CA: consistency - availability system

  • A system that ensure both consistency and high availability but make it partition tolerance.
  • You can think of a PostgreSQL cluster, each node contain a full version of data. So that it can achieve consistency across cluster (full data in each node) and high availability (cluster still can serve request eventhough there are node(s) down)

CP: consistency - partition tolerance system

  • A system that ensure both consistency and partition tolerance but cannot make it high availability.
  • A NoSQL database is a good choice for this type of distributed system. You can think of MongoDB, a NoSQL, schema-less database. MongoDB can be scaled to multiple nodes, but there is only one node considered primary node, each node contains a collection of partitions (this point highlight partition tolerance attribute) and only primary node can recevie write request (a Single Point Of Failure, not high availability) and forward that request across cluster to update new changes to every partition. In case of failure primary node (due to disconnection), a new node will be voted to be primary node (which takes a while before a secondary node become a primary node).

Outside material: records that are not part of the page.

(* Let $(\boldsymbol{x}_i)_{i\geq 0}$ be the two-dimensional Sobol' sequence in $[0,1]^2$, and for $n\geq 1$ let $P_n=(\boldsymbol{x}_i)_{0\leq i<n}$ and $q(P_n)=\frac{1}{2}\min_{0\leq i<j<n}\|\boldsymbol{x}_i-\boldsymbol{x}_j\|$, where $\|\cdot\|$ is the Euclidean norm. If $n=2^{m}-1$ where $m=2^w-1$ for some integer $w>1$, then \[ q(P_n)=\frac{1}{\sqrt{2}(n+1)}. \]
   Context: The two-dimensional Sobol' sequence is defined as follows. For a non-negative integer $n$ with binary expansion $n=n_0+n_1 2+n_2 2^2+\cdots$ ($n_k\in\{0,1\}$, finitely many nonzero), the $n$-th point is $\boldsymbol{x}_n=(x_{n,1},x_{n,2})$ with $x_{n,j}=\sum_{k\geq 1} x_{n,j,k}2^{-k}$, where $(x_{n,j,1},x_{n,j,2},\ldots)^\top = C_j (n_0,n_1,n_2,\ldots)^\top \bmod 2$ (componentwise), for $j=1,2$. The infinite generating matrices $C_1=(c^{(1)}_{i,k})_{i,k\geq 1}$ and $C_2=(c^{(2)}_{i,k})_{i,k\geq1}$ are given by $c^{(1)}_{i,k}=1$ if $i=k$ and $0$ otherwise (identity matrix), and $c^{(2)}_{i,k}=\binom{k-1}{i-1}\bmod 2$ (Pascal matrix over $\mathbb{F}_2$), with the convention $\binom{a}{b}=0$ if $a<b$. The sequence is indexed starting from $\boldsymbol{x}_0$. *)

From HB Require Import structures.
From mathcomp Require Import all_boot all_order all_algebra.
From mathcomp Require Import reals.
Set Implicit Arguments. Unset Strict Implicit. Unset Printing Implicit Defensive.
Import Order.TTheory GRing.Theory Num.Theory.
Local Open Scope ring_scope.

Definition nbit (n k : nat) : nat := odd (n %/ 2 ^ k).

(* i-th output digit (i >= 1) of the first coordinate: C_1 = identity,
   so x_{n,1,i} = n_{i-1}. *)
Definition sobol_digit1 (n i : nat) : nat := nbit n i.-1.

(* i-th output digit (i >= 1) of the second coordinate: C_2 = Pascal matrix
   mod 2, c_{i,k} = binom(k-1,i-1) mod 2, so
   x_{n,2,i} = (sum_{k>=1} binom(k-1,i-1) n_{k-1}) mod 2.
   Since n < 2^n, n_{k-1} = 0 for k-1 >= n, so the sum over k-1 < n is exact. *)
Definition sobol_digit2 (n i : nat) : nat :=
  (\sum_(k < n) 'C(k, i.-1) * nbit n k)%N %% 2.

(* x_{n,j} = sum_{i>=1} x_{n,j,i} 2^{-i}; all digits with i > n vanish
   (both for C_1 and C_2), so summing over 1 <= i <= n is exact. *)
Definition sobol1 (R : realType) (n : nat) : R :=
  \sum_(1 <= i < n.+1) (sobol_digit1 n i)%:R / 2 ^+ i.
Definition sobol2 (R : realType) (n : nat) : R :=
  \sum_(1 <= i < n.+1) (sobol_digit2 n i)%:R / 2 ^+ i.

Definition sobol_dist (R : realType) (i j : nat) : R :=
  Num.sqrt ((sobol1 R i - sobol1 R j) ^+ 2 + (sobol2 R i - sobol2 R j) ^+ 2).

Definition pair_dists (R : realType) (n : nat) : seq R :=
  [seq sobol_dist R p.1 p.2 |
     p <- [seq (i, j) | i <- iota 0 n, j <- iota 0 n] & (p.1 < p.2)%N].

(* q(P_n) = 1/2 * min_{0<=i<j<n} ||x_i - x_j|| (meaningful for n >= 2, where
   the list is nonempty; the fold is seeded with an element of the list). *)
Definition sep_radius (R : realType) (n : nat) : R :=
  let s := pair_dists R n in
  2^-1 * \big[Num.min/head 0 s]_(d <- s) d.

From HB Require Import structures.
From mathcomp Require Import all_boot all_order all_algebra.
From mathcomp Require Import reals.
From mathcomp Require Import zify ring lra.
Import Order.TTheory GRing.Theory Num.Theory.
Set Implicit Arguments. Unset Strict Implicit. Unset Printing Implicit Defensive.

(* For n < 2^m both coordinates of x_n are multiples of 2^-m: the numerators
   are obtained from the m low bits of n by bit reversal and by the Pascal
   matrix mod 2, and both maps are injective on [0, 2^m) since the Pascal
   matrix is unitriangular.  Hence distinct points of P_{2^m} differ by at
   least 2^-m in each coordinate, i.e. 2 q(P_n) >= sqrt 2 / 2^m.  When
   m = 2h - 1 with h = 2^(w-1), the indices 2^(h-1) and 2^m - 2^h reach the
   bound: their numerators differ by one in both coordinates, because
   C(h-1, s) and C(m, s) are odd for all relevant s while C(h, s) is even
   for 0 < s < h. *)

Lemma big_nat_trunc (R : Type) (idx : R) (op : Monoid.law idx) (F : nat -> R) lo a b :
  lo <= minn a b -> (forall k, minn a b <= k -> F k = idx) ->
  \big[op/idx]_(lo <= k < a) F k = \big[op/idx]_(lo <= k < b) F k.
Proof.
move=> lo_le F0; suff cut c : minn a b <= c ->
    \big[op/idx]_(lo <= k < c) F k = \big[op/idx]_(lo <= k < minn a b) F k.
  by rewrite !cut ?geq_minl ?geq_minr.
move=> le_c; rewrite (big_cat_nat lo_le le_c) /= [X in op _ X]big1_seq ?Monoid.mulm1 //.
by move=> k /andP[_]; rewrite mem_index_iota => /andP[le_k _]; apply: F0.
Qed.

Lemma odd_binX a s : odd 'C(2 ^ a, s) = (s == 0) || (s == 2 ^ a).
Proof.
case: s => [|t]; first by rewrite bin0.
have [lt_t|] := ltnP t.+1 (2 ^ a); last first.
  rewrite leq_eqVlt => /orP[/eqP<-|lt_a]; first by rewrite binn eqxx orbT.
  by rewrite bin_small // (gtn_eqF lt_a).
rewrite (ltn_eqF lt_t) orbF; apply/negbTE/negP => odd_bin.
have coprime_bin : coprime (2 ^ a) 'C(2 ^ a, t.+1) by rewrite coprimeXl ?coprime2n.
have : 2 ^ a %| t.+1 * 'C(2 ^ a, t.+1) by rewrite -mul_bin_diag dvdn_mulr.
by rewrite Gauss_dvdl // => /(dvdn_leq (ltn0Sn t)); rewrite leqNgt lt_t.
Qed.

Lemma odd_bin_predX a s : odd 'C((2 ^ a).-1, s) = (s < 2 ^ a).
Proof.
elim: s => [|s IH]; first by rewrite bin0 expn_gt0.
have := congr1 odd (binS (2 ^ a).-1 s).
rewrite prednK ?expn_gt0 // oddD odd_binX IH /= => /(congr1 (addb^~ (s < 2 ^ a))).
rewrite -addbA addbb addbF => <-.
by case: eqP => [<-|]; rewrite ?ltnSn ?ltnn //; lia.
Qed.

Lemma hockey_stick h m s : h <= m ->
  \sum_(h <= k < m) 'C(k, s) + 'C(h, s.+1) = 'C(m, s.+1).
Proof.
elim: m => [|m IH]; first by rewrite leqn0 => /eqP->; rewrite big_geq.
rewrite leq_eqVlt => /orP[/eqP->|le_hm]; first by rewrite big_geq.
by rewrite big_nat_recr //= addnAC IH // binS addnC.
Qed.

Lemma nbit_small n k : n < 2 ^ k -> nbit n k = 0.
Proof. by move=> lt_n; rewrite /nbit divn_small. Qed.

Lemma nbitS n k : nbit n k.+1 = nbit (n %/ 2) k.
Proof. by rewrite /nbit expnS divnMA. Qed.

Lemma nbit_inj m n n' : n < 2 ^ m -> n' < 2 ^ m ->
  (forall k, k < m -> nbit n k = nbit n' k) -> n = n'.
Proof.
elim: m n n' => [|m IH] n n'; first by rewrite expn0; lia.
rewrite expnS => lt_n lt_n' eq_bits.
have eq_half : n %/ 2 = n' %/ 2.
  by apply: IH => [||k lt_k]; rewrite -?nbitS ?eq_bits //; lia.
have := eq_bits 0 isT; rewrite /nbit expn0 !divn1 => eq_odd.
by rewrite (divn_eq n 2) (divn_eq n' 2) !modn2 eq_half; case: odd eq_odd; case: odd.
Qed.

Lemma nbit_mulX x h k : nbit (x * 2 ^ h) k = if h <= k then nbit x (k - h) else 0.
Proof.
case: leqP => [le_hk|lt_kh]; first by rewrite /nbit -{1}(subnK le_hk) expnD divnMr ?expn_gt0.
rewrite /nbit -(subnK (ltnW lt_kh)) expnD mulnA mulnK ?expn_gt0 // oddM oddX.
by rewrite subn_eq0 leqNgt lt_kh andbF.
Qed.

Lemma nbitX p k : nbit (2 ^ p) k = (k == p).
Proof.
rewrite -[2 ^ p]mul1n nbit_mulX; case: (ltngtP k p) => [lt_kp|lt_pk|->]; rewrite ?subnn //.
by rewrite nbit_small //; have := ltn_expl (k - p) (ltnSn 1); lia.
Qed.

Lemma nbit_subn1X a q : nbit (2 ^ a - 1) q = (q < a).
Proof.
elim: q a => [|q IH] [|a]; try by rewrite expn0 subnn nbit_small ?expn_gt0.
  by rewrite /nbit expn0 divn1 oddB ?expn_gt0 // oddX.
rewrite nbitS (_ : (2 ^ a.+1 - 1) %/ 2 = 2 ^ a - 1) ?IH //.
by rewrite expnS; have := expn_gt0 2 a; lia.
Qed.

Lemma nbit_subXX h m k : h <= m -> nbit (2 ^ m - 2 ^ h) k = (h <= k < m).
Proof.
move=> le_hm; rewrite -{1}(subnK le_hm) expnD -{2}[2 ^ h]mul1n -mulnBl nbit_mulX.
by case: (leqP h k) => le_hk; rewrite ?nbit_subn1X //=; lia.
Qed.

Lemma pascal_mod2_inj m (b b' : nat -> bool) :
  (forall r, r < m -> odd (\sum_(k < m) 'C(k, r) * b k) =
                      odd (\sum_(k < m) 'C(k, r) * b' k)) ->
  forall k, k < m -> b k = b' k.
Proof.
elim: m => // m IH eq_sums.
have sum_top (c : nat -> bool) : \sum_(k < m.+1) 'C(k, m) * c k = c m.
  by rewrite big_ord_recr /= binn mul1n big1 // => k _; rewrite bin_small.
have eq_top : b m = b' m by rewrite -[b m]oddb -[b' m]oddb -!sum_top eq_sums.
move=> k; rewrite ltnS leq_eqVlt => /orP[/eqP->//|]; apply: IH => r lt_rm.
by have := eq_sums r (ltnW lt_rm); rewrite !big_ord_recr /= eq_top !oddD => /addIb.
Qed.

Definition digits_num (d : nat -> nat) (m : nat) : nat :=
  \sum_(1 <= i < m.+1) d i * 2 ^ (m - i).

Lemma digits_numS d m : digits_num d m.+1 = 2 * digits_num d m + d m.+1.
Proof.
rewrite /digits_num big_nat_recr //= subnn muln1 big_distrr /=; congr (_ + _).
by apply: eq_big_nat => i /andP[_ le_im]; rewrite subSn // expnS mulnCA.
Qed.

Lemma eq_digits_num d e m :
  (forall i, 0 < i <= m -> d i = e i) -> digits_num d m = digits_num e m.
Proof. by move=> eq_de; apply: eq_big_nat => i /andP[i_gt0 lt_im]; rewrite eq_de ?i_gt0. Qed.

Lemma digits_num_inj d e m : (forall i, d i <= 1) -> (forall i, e i <= 1) ->
  digits_num d m = digits_num e m -> forall i, 0 < i <= m -> d i = e i.
Proof.
move=> d_le1 e_le1; elim: m => [|m IH]; first by move=> _ i; lia.
rewrite !digits_numS => eq_num.
have := d_le1 m.+1; have := e_le1 m.+1 => e_top d_top.
have eq_top : d m.+1 = e m.+1 by lia.
move=> i /andP[i_gt0]; rewrite leq_eqVlt => /orP[/eqP->//|lt_im].
by apply: IH; [lia | rewrite i_gt0].
Qed.

Lemma digits_num_carry d e h m : 0 < h <= m ->
  (forall i, 0 < i < h -> d i = e i) -> d h = 0 -> e h = 1 ->
  (forall i, h < i <= m -> d i = 1 /\ e i = 0) ->
  digits_num e m = (digits_num d m).+1.
Proof.
move=> /andP[h_gt0 le_hm] eq_low dh0 eh1 high.
elim: m le_hm high => [|m IH]; first by lia.
rewrite leq_eqVlt => /orP[/eqP eq_h|le_hm] high; rewrite !digits_numS.
  have -> : digits_num e m = digits_num d m.
    by apply: eq_digits_num => i /andP[i_gt0 le_im]; rewrite eq_low ?i_gt0 //; lia.
  by rewrite -eq_h dh0 eh1 addn0 addn1.
have [-> ->] : d m.+1 = 1 /\ e m.+1 = 0 by apply: high; lia.
by rewrite IH // => [|i /andP[lt_hi le_im]]; [lia | apply: high; lia].
Qed.

Lemma ltn_exp2_minn n m k : n < 2 ^ m -> minn n m <= k -> n < 2 ^ k.
Proof.
move=> lt_n le_k; case: (leqP n m) => [le_nm|lt_mn].
  by apply: leq_trans (ltn_expl n (ltnSn 1)) _; rewrite leq_exp2l //; lia.
by apply: leq_trans lt_n _; rewrite leq_exp2l //; lia.
Qed.

Lemma sobol_digit1_le1 n i : sobol_digit1 n i <= 1.
Proof. exact: leq_b1. Qed.

Lemma sobol_digit2_le1 n i : sobol_digit2 n i <= 1.
Proof. by rewrite /sobol_digit2 modn2 leq_b1. Qed.

Lemma sobol_digit1_eq0 n i : n < 2 ^ i.-1 -> sobol_digit1 n i = 0.
Proof. exact: nbit_small. Qed.

Lemma sobol_digit2_eq0 n i : n < 2 ^ i.-1 -> sobol_digit2 n i = 0.
Proof.
move=> lt_n; rewrite /sobol_digit2 big1 // => k _.
have [lt_ki|le_ik] := ltnP k i.-1; first by rewrite bin_small.
by rewrite nbit_small ?muln0 // (leq_trans lt_n) // leq_exp2l.
Qed.
(* Let $(R,\mathfrak m)$ be a zero-dimensional Gorenstein local ring and let $I\subseteq\mathfrak m$ be an ideal with $I^r\ne0$ and $I^{r+1}=0$. If the associated graded ring $G(I)=\bigoplus_{i\ge0}I^i/I^{i+1}$ is Gorenstein, then $I^i/I^{i+1}$ is a faithful $(R/I)$-module for $0\le i\le r$. *)

From HB Require Import structures.
From mathcomp Require Import all_boot all_algebra.
From mathcomp Require Import boolp.

Set Implicit Arguments.
Unset Strict Implicit.
Unset Printing Implicit Defensive.

Import GRing.Theory.
Local Open Scope ring_scope.
Local Open Scope quotient_scope.

Section CommAlg.
Variable S : comPzRingType.

Definition is_ideal (A : S -> Prop) : Prop :=
  [/\ A 0, (forall x y, A x -> A y -> A (x + y)) & (forall a x, A x -> A (a * x))].

Definition proper_ideal (A : S -> Prop) : Prop := is_ideal A /\ ~ A 1.

Definition maximal_ideal (A : S -> Prop) : Prop :=
  proper_ideal A /\
  forall B, proper_ideal B -> (forall x, A x -> B x) -> forall x, B x -> A x.

Definition prime_ideal (A : S -> Prop) : Prop :=
  proper_ideal A /\ forall x y, A (x * y) -> A x \/ A y.

Definition noetherian : Prop :=
  forall C : nat -> S -> Prop, (forall n, is_ideal (C n)) ->
    (forall n x, C n x -> C n.+1 x) ->
    exists N, forall n, (N <= n)%N -> forall x, C n x -> C N x.

Definition zero_dimensional : Prop :=
  forall P, prime_ideal P -> maximal_ideal P.

Definition local_ring (m : S -> Prop) : Prop :=
  maximal_ideal m /\ forall n, maximal_ideal n -> forall x, n x <-> m x.

Definition socle (m : S -> Prop) : S -> Prop :=
  fun x => forall y, m y -> y * x = 0.

(** the socle is a one-dimensional S/m-vector space *)
Definition socle_dim1 (m : S -> Prop) : Prop :=
  (exists s, socle m s /\ s <> 0) /\
  forall s t, socle m s -> socle m t -> s <> 0 -> exists a, t = a * s.
(* Let $U$ be an infinite uniquely $2$-divisible group, $\nu$ an involutory almost regular automorphism of $U$, and $S=\{x\in U\mid x^\nu=x^{-1}\}$. Let $D$ be an abelian subgroup of $U$ (possibly $D=1$) which is inverted by $\nu$ and such that $C_U(D)$ is infinite, and assume $(S\cap C_U(D))\setminus D\neq\emptyset$. Then: (1) there exists an element $w\in C_U(D)\setminus D$ which is inverted by $\nu$ and such that $C_U(\langle D,w\rangle)$ is infinite; (2) there exists an infinite abelian subgroup of $U$ which is inverted by $\nu$.
   Context: An automorphism $\nu$ is involutory if $\nu\ne\mathrm{id}$ and $\nu^2=\mathrm{id}$, and almost regular if $C_U(\nu)$ is finite. A group is uniquely $2$-divisible if every element has a unique square root. A subgroup is inverted by $\nu$ if each of its elements $x$ satisfies $x^\nu=x^{-1}$. *)

From Stdlib Require Import List.

Record Group := {
  carrier :> Type;
  mul : carrier -> carrier -> carrier;
  inv : carrier -> carrier;
  one : carrier;
  mulA : forall x y z, mul x (mul y z) = mul (mul x y) z;
  mul1g : forall x, mul one x = x;
  mulg1 : forall x, mul x one = x;
  mulVg : forall x, mul (inv x) x = one;
  mulgV : forall x, mul x (inv x) = one
}.

Section Defs.
Variable U : Group.

Definition finite_set (A : U -> Prop) : Prop :=
  exists l : list U, forall x, A x -> In x l.
Definition infinite_set (A : U -> Prop) : Prop := ~ finite_set A.

Definition infinite_group : Prop := infinite_set (fun _ => True).

Definition is_subgroup (H : U -> Prop) : Prop :=
  H (one U) /\ (forall x y, H x -> H y -> H (mul U x y)) /\
  (forall x, H x -> H (inv U x)).

Definition is_abelian (H : U -> Prop) : Prop :=
  forall x y, H x -> H y -> mul U x y = mul U y x.
(* As formal power series in variables $p_1,p_2,\dots$, $$\sum_{\ell(\mu)\ge2}\frac{(|\mu|+\ell(\mu)-3)!\,(\ell(\mu)-1)\,p_\mu}{(|\mu|-1)!\,z_\mu}=\frac12\left(\sum_{\mu\ne\emptyset}\frac{(|\mu|+\ell(\mu)-2)!\,p_\mu}{(|\mu|-1)!\,z_\mu}\right)^2,$$ where the sums are over partitions $\mu$.
   Context: A partition is $\mu=(\mu_1\ge\cdots\ge\mu_k>0)$ with $|\mu|=\sum\mu_i$ and $\ell(\mu)=k$. $m_j(\mu)$ is the number of parts equal to $j$, $z_\mu=\prod_jm_j(\mu)!\,j^{m_j(\mu)}$, and $p_\mu=\prod_jp_j^{m_j(\mu)}$. *)

(* The monomials p_mu are indexed by partitions mu (a weakly decreasing
   sequence of positive integers); a formal power series is represented by its
   coefficient function on monomials. *)
From mathcomp Require Import all_boot all_order all_algebra.
Set Implicit Arguments. Unset Strict Implicit. Unset Printing Implicit Defensive.
Import GRing.Theory Num.Theory.
Local Open Scope ring_scope.

Definition is_partition (mu : seq nat) : bool :=
  sorted geq mu && all (fun x => (0 < x)%N) mu.

(* |mu| = sumn mu, l(mu) = size mu, m_j(mu) = count_mem j mu *)
Definition zee (mu : seq nat) : nat :=
  (\prod_(j <- undup mu) ((count_mem j mu)`! * j ^ (count_mem j mu)))%N.

Definition fps := seq nat -> rat.

(* all ways of writing the multiset mu as a union alpha (+) beta, each
   (ordered) decomposition listed exactly once *)
Definition splittings (mu : seq nat) : seq (seq nat * seq nat) :=
  undup [seq (mask (tval m) mu, mask (map negb (tval m)) mu)
        | m <- enum {: (size mu).-tuple bool}].

(* product of formal power series: p_alpha * p_beta = p_(alpha u beta) *)
Definition fps_mul (F G : fps) : fps :=
  fun mu => \sum_(ab <- splittings mu) F ab.1 * G ab.2.

Definition lhs_series : fps := fun mu =>
  if (1 < size mu)%N then
    ((sumn mu + size mu - 3)`! * (size mu).-1)%:R / (((sumn mu).-1)`! * zee mu)%:R
  else 0.
(* Let $T\in\mathcal{B}\subseteq B(\mathcal{F})$ be a band-limited operator such that either $[T,R_j^*]\in\mathcal{S}$ for all $1\le j\le d$, or $[T,R_j]\in\mathcal{S}$ for all $1\le j\le d$. Then $T\in\mathcal{C}=C^*(L_1,\ldots,L_d)$.
   Context: $d\ge2$; $\xi_1,\ldots,\xi_d$ is the standard orthonormal basis of $\mathbb{C}^d$. $\mathcal{F}=\bigoplus_{n\ge0}\mathcal{F}_n$ is the full Fock space, $\mathcal{F}_0=\mathbb{C}\Omega$, $\mathcal{F}_n=(\mathbb{C}^d)^{\otimes n}$ with the usual inner product. $L_j,R_j$ are the left and right creation operators: $L_j\eta=\xi_j\otimes\eta$, $R_j\eta=\eta\otimes\xi_j$ (with $L_j\Omega=R_j\Omega=\xi_j$). An operator $T\in B(\mathcal{F})$ is band-limited if there is $b\ge0$ with $T(\mathcal{F}_n)\subseteq\bigoplus_{m\ge0,|m-n|\le b}\mathcal{F}_m$ for all $n$; $\mathcal{B}$ is the set of band-limited operators. A band-limited $T$ is summable if $\sum_{n\ge0}\|T|_{\mathcal{F}_n}\|<\infty$, where $T|_{\mathcal{F}_n}$ is the restriction of $T$ to $\mathcal{F}_n$; $\mathcal{S}$ is the set of summable band-limited operators. *)

From HB Require Import structures.
From mathcomp Require Import all_boot all_order all_algebra.
From mathcomp Require Import complex.
From mathcomp Require Import reals.
Set Implicit Arguments.
Unset Strict Implicit.
Unset Printing Implicit Defensive.
Import Order.TTheory GRing.Theory Num.Theory.
Local Open Scope ring_scope.

Section Fock.
Variables (R : realType) (d : nat).

Definition C := R[i].
(* words over the alphabet {0,..,d-1}: basis xi_{w_1} ⊗ ... ⊗ xi_{w_n} of F_n;
   the empty word is the vacuum Omega *)
Definition word := seq 'I_d.
(* vectors of the full Fock space are coefficient functions on words *)
Definition vec := word -> C.
Definition op := vec -> vec.

Definition normsq (z : C) : R := (complex.Re z) ^+ 2 + (complex.Im z) ^+ 2.

(* squared norm of the F_n-component *)
Definition layer (n : nat) (f : vec) : R :=
  \sum_(t : n.-tuple 'I_d) normsq (f (tval t)).
Definition partial (N : nat) (f : vec) : R := \sum_(n < N) layer n f.

(* sqbound f M  <->  ||f||^2 <= M *)
Definition sqbound (f : vec) (M : R) : Prop := forall N, partial N f <= M.
Definition is_l2 (f : vec) : Prop := exists M, sqbound f M.

(* ||T f||^2 <= c ||f||^2 *)
Definition normsq_le (g f : vec) (c : R) : Prop :=
  forall M, sqbound f M -> sqbound g (c * M).

(* T is (the representative of) an element of B(F) *)
Definition bounded_op (T : op) : Prop :=
  (forall f, is_l2 f -> is_l2 (T f)) /\
  (forall (a : C) f g, is_l2 f -> is_l2 g ->
      T (fun w => a * f w + g w) = (fun w => a * T f w + T g w)) /\
  exists c : R, forall f, is_l2 f -> normsq_le (T f) f c.

Definition op_add (A B : op) : op := fun f w => A f w + B f w.
Definition op_sub (A B : op) : op := fun f w => A f w - B f w.
Definition op_scale (a : C) (A : op) : op := fun f w => a * A f w.
Definition op_comp (A B : op) : op := fun f => A (B f).
Definition commutator (A B : op) : op := op_sub (op_comp A B) (op_comp B A).

(* L_j eta = xi_j ⊗ eta *)
Definition Lcr (j : 'I_d) : op := fun f w =>
  match w with j' :: w' => if j' == j then f w' else 0 | [::] => 0 end.
Definition Lcr_adj (j : 'I_d) : op := fun f w => f (j :: w).
(* R_j eta = eta ⊗ xi_j *)
Definition Rcr (j : 'I_d) : op := fun f w =>
  match w with
  | [::] => 0
  | x :: w' => if last x w' == j then f (belast x w') else 0
  end.
Definition Rcr_adj (j : 'I_d) : op := fun f w => f (rcons w j).

Definition in_layer (n : nat) (f : vec) : Prop :=
  forall w, size w != n -> f w = 0.

Definition band_limited (T : op) : Prop :=
  bounded_op T /\
  exists b : nat, forall n f, is_l2 f -> in_layer n f ->
    forall w, ((size w + b < n) || (n + b < size w))%N -> T f w = 0.

(* the set S of summable band-limited operators:
   sum_n ||T|_{F_n}|| < oo, written with explicit bounds c n >= ||T|_{F_n}|| *)
Definition summable_op (T : op) : Prop :=
  band_limited T /\
  exists c : nat -> R,
    (forall n, 0 <= c n) /\
    (exists K : R, forall N, \sum_(n < N) c n <= K) /\
    (forall n f, is_l2 f -> in_layer n f -> normsq_le (T f) f (c n ^+ 2)).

AP: availability - partition tolerance system

  • A system that ensure both high availability and partition tolerance but cannot make it consistency.
  • Apache Cassandra should be the first thing came to your mind. This database does scale to multiple instances (high availability) and it does divide its records into partitions (partition tolerance) but it follow masterless architecture, which means there is no such terms like primary node or secondary node. So that every node can receive write request, which leads to there are chances that you do not retrieve the same data for every request you made.

Final thoughts

Every scheme has their pros and cons which gonna does it best on a specific situtation. It would be great if you fully understand the needs of your business to take fully advantage of your system.